Take, for instance, the crab cake sliders -- lightly floured and sautéed, served on wheat rolls with tomato, baby spinach, whole-grain mustard and a chive remoulade. The J. Michael sandwich pairs grilled summer squash with fresh mozzarella, roasted red peppers, greens and an herb mayonnaise. There are meatloaf sliders on the menu, as well as a ½-pound burger. A chicken wrap comes with white wine dressing, romaine, tomato and shaved Parmesan, and the turkey croissant features turkey salad made with house-roasted turkey, candied walnuts, celery and dried cranberries. I appreciate River Twist roasting its own turkey and next time would likely order the shaved roasted turkey sandwich with sautéed onions, melted Muenster and honey mustard, served on rye and "grilled to perfection."
This time, though, I opted for a salad. Rather than the Steak and Blue Cheese or Caribbean Flat-Iron Chicken salads, I chose the Onion Ring Chicken Salad. A good amount of juicy, pan-seared chicken breast had been thinly sliced atop a bed of crisp romaine, chopped cucumbers, tomatoes, hard-boiled egg and shredded cheese. Slivers of breaded and fried onion topped the salad, and the honey mustard dressing that came on the side was a tangy accompaniment. Other salads include greens topped with crab cakes, roasted peppers, corn and onion relish. Another tops greens with fajita-spiced sirloin grilled with onions and peppers and a cilantro ranch dressing.

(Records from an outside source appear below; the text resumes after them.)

Lemma normalized_gradient_lipschitz h (K : set 'rV[R]_n) (r : R) :
  C2 h -> compact K -> K `<=` cube r -> (forall x, K x -> gradient h x != 0) ->
  exists2 L, 0 <= L & forall x y, K x -> K y ->
    enorm (normalize (gradient h x) - normalize (gradient h y)) <= L * enorm (x - y).
Proof.
move=> h_C2 cK Kr grad_neq0.
have [C C_ge0 hC] := C2_gradient_lipschitz_cube r h_C2.
have [a a_gt0 ha] : exists2 a, 0 < a & forall x, K x -> a <= enorm (gradient h x).
  have [_ _ ch _ _] := h_C2.
  apply: compact_continuous_pos_lb cK (continuous_enorm_gradient ch) _ => x Kx.
  exact/enorm_gt0/grad_neq0.
exists (2 / a * C) => [|x y Kx Ky]; first by rewrite mulr_ge0 ?divr_ge0 ?(ltW a_gt0).
apply: le_trans (normalize_lipschitz a_gt0 (ha x Kx) (ha y Ky)) _.
by rewrite -[2 / a * C * _]mulrA ler_wpM2l ?divr_ge0 ?(ltW a_gt0) // hC //; exact: Kr.
Qed.
End GradientBounds.

Unset Implicit Arguments.

Theorem lemma5p4 (R : realType) (n : nat) (f g : 'rV[R]_n -> R)
  (A1 : coercive f)
  (A2 : forall x, g x <= 0 -> gradient f x != 0)
  (A3 : forall x, g x <= 0 -> gradient g x != 0)
  (A4f : C2 f) (A4g : C2 g)
  (x0 : 'rV[R]_n) (hx0 : g x0 <= 0)
  (hne : exists x, f x <= f x0 /\ g x <= 0)
  (zeta : R) (hzeta : 0 <= zeta <= 1) :
  exists L : R, 0 < L /\
    forall x y, f x <= f x0 -> g x <= 0 -> f y <= f x0 -> g y <= 0 ->
      enorm (s_field f g zeta x - s_field f g zeta y) <= L * enorm (x - y).
Proof.
pose K := [set x | f x <= f x0 /\ g x <= 0].
have [r fr] := coercive_sublevel_cube (f x0) A1.
have Kr : K `<=` cube r by move=> x [fx _]; exact: fr.
have cK : compact K.
  by case: A4f A4g => cf _ _ _ _ [cg _ _ _ _]; exact: compact_feasible fr cf cg.
have [Lf Lf_ge0 hLf] := normalized_gradient_lipschitz A4f cK Kr (fun x Kx => A2 x Kx.2).
have [Lg Lg_ge0 hLg] := normalized_gradient_lipschitz A4g cK Kr (fun x Kx => A3 x Kx.2).
exists (Lf + Lg + 1); split=> [|x y fx gx fy gy]; first by rewrite ltr_wpDl ?addr_ge0.
have zeta_le1 : `|zeta| <= 1 by case/andP: hzeta => zeta_ge0 ?; rewrite ger0_norm.
rewrite !s_fieldE; apply: le_trans (enorm_combination_sub _ _ _ _ zeta_le1) _.
rewrite mulrDl mul1r ler_wpDr ?enorm_ge0 // mulrDl.
by apply: lerD; [apply: hLf | apply: hLg]; split.
Qed.
(* Let $\mathcal{JS}=(\mathcal F,\mathcal F_d,R,\mathcal B)$ be a justification system whose frame is complementary and whose branch evaluation $\mathcal B$ is consistent. Let $\tau$ be a positional (respectively general) strategy for $F$, $x\in\mathcal F_d$, and $n$ the node of $J_\tau(x)$ labelled $\sim x$ (respectively the root node of the tree $J_\tau(x)$, corresponding to the one-state path $x$). Then for every interpretation $\mathcal I$, $$\mathrm{val}(J_\tau(x),n,\mathcal I)=\sim\bigvee_{\sigma\in\mathfrak S_g(T)}u(x,\sigma,\tau).$$
   Context: Let $\mathcal F$ be a set (fact space) containing $\mathcal L=\{\mathbf t,\mathbf f,\mathbf u\}$ with an involution $\sim$ satisfying $\sim\mathbf t=\mathbf f$, $\sim\mathbf u=\mathbf u$, $\sim x\ne x$ for $x\ne\mathbf u$; $\sim A=\{\sim a:a\in A\}$. Truth order $\mathbf f<_t\mathbf u<_t\mathbf t$; $\bigwedge,\bigvee$ are glb/lub in $(\mathcal L,\le_t)$; $\sim$ reverses $\le_t$. A justification frame is $\mathcal{JF}=(\mathcal F,\mathcal F_d,R)$ with $\mathcal F_d\subseteq\mathcal F$, $\sim\mathcal F_d=\mathcal F_d$, $\mathcal F_d\cap\mathcal L=\emptyset$, $R\subseteq\mathcal F_d\times2^{\mathcal F}$ a set of rules $x\gets A$ with nonempty bodies, every $x\in\mathcal F_d$ heading a rule; $\mathcal F_o=\mathcal F\setminus\mathcal F_d$. A selection function for $x\in\mathcal F_d$ assigns to every body $A$ of a rule $x\gets A$ an element $s(A)\in A$; $\mathrm{Im}(s)$ is its image. $R^*$ is the set of rules $\sim x\gets\sim\mathrm{Im}(s)$ ($x\in\mathcal F_d$, $s$ a selection function for $x$); the frame is complementary if $R^*=R$. A justification is a directed graph $(N,E)$ with labelling $\ell:N\to\mathcal F$ such that every internal node $n$ has $\ell(n)\in\mathcal F_d$ and $\ell(n)\gets\{\ell(m):(n,m)\in E\}\in R$; locally complete if no leaf is labelled by a defined fact. A $\mathcal{JF}$-branch is an infinite sequence of defined facts or a finite sequence $x_0\to\cdots\to x_k$ ($k\ge1$) with $x_0,\dots,x_{k-1}\in\mathcal F_d$, $x_k\in\mathcal F_o$; $\sim b$ applies $\sim$ elementwise. $B_J(n)$ is the set of label sequences of maximal paths of $J$ starting at node $n$. A branch evaluation $\mathcal B$ maps $\mathcal{JF}$-branches to elements of $\mathcal F$; it is consistent if $\mathcal B(\sim b)=\sim\mathcal B(b)$ for all $b$. An interpretation is $\mathcal I:\mathcal F\to\mathcal L$ with $\mathcal I(\sim x)=\sim\mathcal I(x)$, $\mathcal I(l)=l$ on $\mathcal L$. $\mathrm{val}(J,n,\mathcal I)=\bigwedge_{b\in B_J(n)}\mathcal I(\mathcal B(b))$. Game graph $G_{\mathcal{JF}}$: states $S_T=\mathcal F$ (owned by $T$), $S_F=\{r_{x\gets A}:x\gets A\in R\}$ (owned by $F$), edges $(x,r_{x\gets A})$ and $(r_{x\gets A},y)$ for each rule $x\gets A$, $y\in A$. A play is an infinite path or a finite path ending in a state with no outgoing edge. A general strategy for $P\in\{T,F\}$ maps each finite path whose last state $s\in S_P$ has an outgoing edge to an outgoing edge of $s$; positional strategies depend only on the last state; $\mathfrak S_g(P)$ is the set of general strategies. A path $s_0s_1\cdots$ is consistent with a strategy $\rho$ of $P$ if $\rho(s_0\cdots s_i)=(s_i,s_{i+1})$ whenever $s_i\in S_P$ and $s_{i+1}$ exists; $\mathrm{play}(s,\sigma,\tau)$ is the unique play from $s$ consistent with $\sigma$ (for $T$) and $\tau$ (for $F$). For a play $p$, $b_p$ deletes rule symbols; $u(x,\sigma,\tau)=\mathcal I(\mathcal B(b_{\mathrm{play}(x,\sigma,\tau)}))$. The play tree of a general strategy $\rho$ in $x$ has as nodes the finite paths from $x$ consistent with $\rho$, labelled by their last state, with edges to one-step extensions; the play graph of a positional $\rho$ in $x$ is the subgraph of $G_{\mathcal{JF}}$ of states and edges on paths from $x$ consistent with $\rho$. Filtering out rule symbols: delete rule-symbol nodes and add $(n,m)$ whenever $(n,k),(k,m)$ were edges with $k$ a rule-symbol node. For a strategy $\tau$ of $F$, $J_\tau(x)$ is the filtered play graph (positional $\tau$) or filtered play tree (general $\tau$) of $\tau$ in $x$ with every label $y$ replaced by $\sim y$. *)

From Stdlib Require Import List Arith ClassicalEpsilon.
Import ListNotations.
Set Implicit Arguments.
Unset Strict Implicit.

Inductive tv := Tt | Ff | Uu.

Definition tneg (v : tv) : tv :=
  match v with Tt => Ff | Ff => Tt | Uu => Uu end.

Definition tv_rank (v : tv) : nat :=
  match v with Ff => 0 | Uu => 1 | Tt => 2 end.
Definition tv_le (a b : tv) : Prop := tv_rank a <= tv_rank b.

Definition is_glb (S : tv -> Prop) (v : tv) : Prop :=
  (forall w, S w -> tv_le v w) /\
  (forall z, (forall w, S w -> tv_le z w) -> tv_le z v).
Definition is_lub (S : tv -> Prop) (v : tv) : Prop :=
  (forall w, S w -> tv_le w v) /\
  (forall z, (forall w, S w -> tv_le w z) -> tv_le v z).

Definition tv_inf (S : tv -> Prop) : tv := epsilon (inhabits Tt) (is_glb S).
Definition tv_sup (S : tv -> Prop) : tv := epsilon (inhabits Ff) (is_lub S).

(* A set of facts containing L (via the injection emb) with involution ~ *)
Record fact_space := {
  fact :> Type;
  emb : tv -> fact;
  fneg : fact -> fact;
  emb_inj : forall a b, emb a = emb b -> a = b;
  fneg_invol : forall x, fneg (fneg x) = x;
  fneg_t : fneg (emb Tt) = emb Ff;
  fneg_u : fneg (emb Uu) = emb Uu;
  fneg_neq : forall x, x <> emb Uu -> fneg x <> x }.

Arguments emb {f} _.
Arguments fneg {f} _.

Record jframe (FS : fact_space) := {
  Fd : FS -> Prop;
  rule : FS -> (FS -> Prop) -> Prop;
  Fd_neg : forall x, Fd (fneg x) <-> Fd x;
  Fd_L : forall l, ~ Fd (emb l);
  rule_head : forall x A, rule x A -> Fd x;
  rule_nonempty : forall x A, rule x A -> exists y, A y;
  rule_total : forall x, Fd x -> exists A, rule x A }.


Definition selection (FS : fact_space) (JF : jframe FS) (x : FS)
  (s : (FS -> Prop) -> FS) : Prop :=
  forall A, rule JF x A -> A (s A).

(* R^* : rules ~x <- ~Im(s) *)
Definition rule_star (FS : fact_space) (JF : jframe FS) (h : FS)
  (Bd : FS -> Prop) : Prop :=
  exists x s, Fd JF x /\ selection JF x s /\ h = fneg x /\
    (forall z, Bd z <-> exists A, rule JF x A /\ z = fneg (s A)).

Definition complementary (FS : fact_space) (JF : jframe FS) : Prop :=
  forall h Bd, rule JF h Bd <-> rule_star JF h Bd.

Inductive branch (F : Type) := BInf (b : nat -> F) | BFin (l : list F).
Arguments BInf {F} _.
Arguments BFin {F} _.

As a side, I tried the potato salad, which was simple but savory. Perfectly cooked potatoes were dressed in dill-scented mustard and mayonnaise, with crisp slivers of celery and dill pickle adding both crunch and flavor.
I typically find mayonnaise-dressed salads too heavy, too mayonnaisey, but this one was anything but. I really enjoyed it, though I did think the portion size could have been a bit more generous.
For dessert, River Twist offers a small selection of cakes, cookies and the occasional brownie, courtesy of Greensboro's Maxie B's.
The food at River Twist is fresh-tasting and well-executed, and even though it might cost a bit more than I'd pay for a sandwich every day of the week, the prices feel reasonable given the quality. And the patio dining, particularly as fall settles in, is lovely.
My only quibbles have to do with details - details that could make an otherwise good meal great.
When going out for a meal of this sort -- casual but beyond the everyday in concept and price -- I expect a certain level of detail to match the food. Silverware and simple dishes would suit this food much better than the plastic currently in use.
Also, a more interesting selection of beverages would complement the food and add to the restaurant's uniqueness. There are so many tasty and unusual drinks on the market -- fruit-based sparklers, bottled sodas made with real sugar instead of corn syrup and bottled waters -- it would make sense to offer them at a restaurant that, like River Twist, seems to be aiming to provide a dining experience beyond the usual. Upping the ante with a few simple changes could turn a simple, good meal into something more like a special occasion.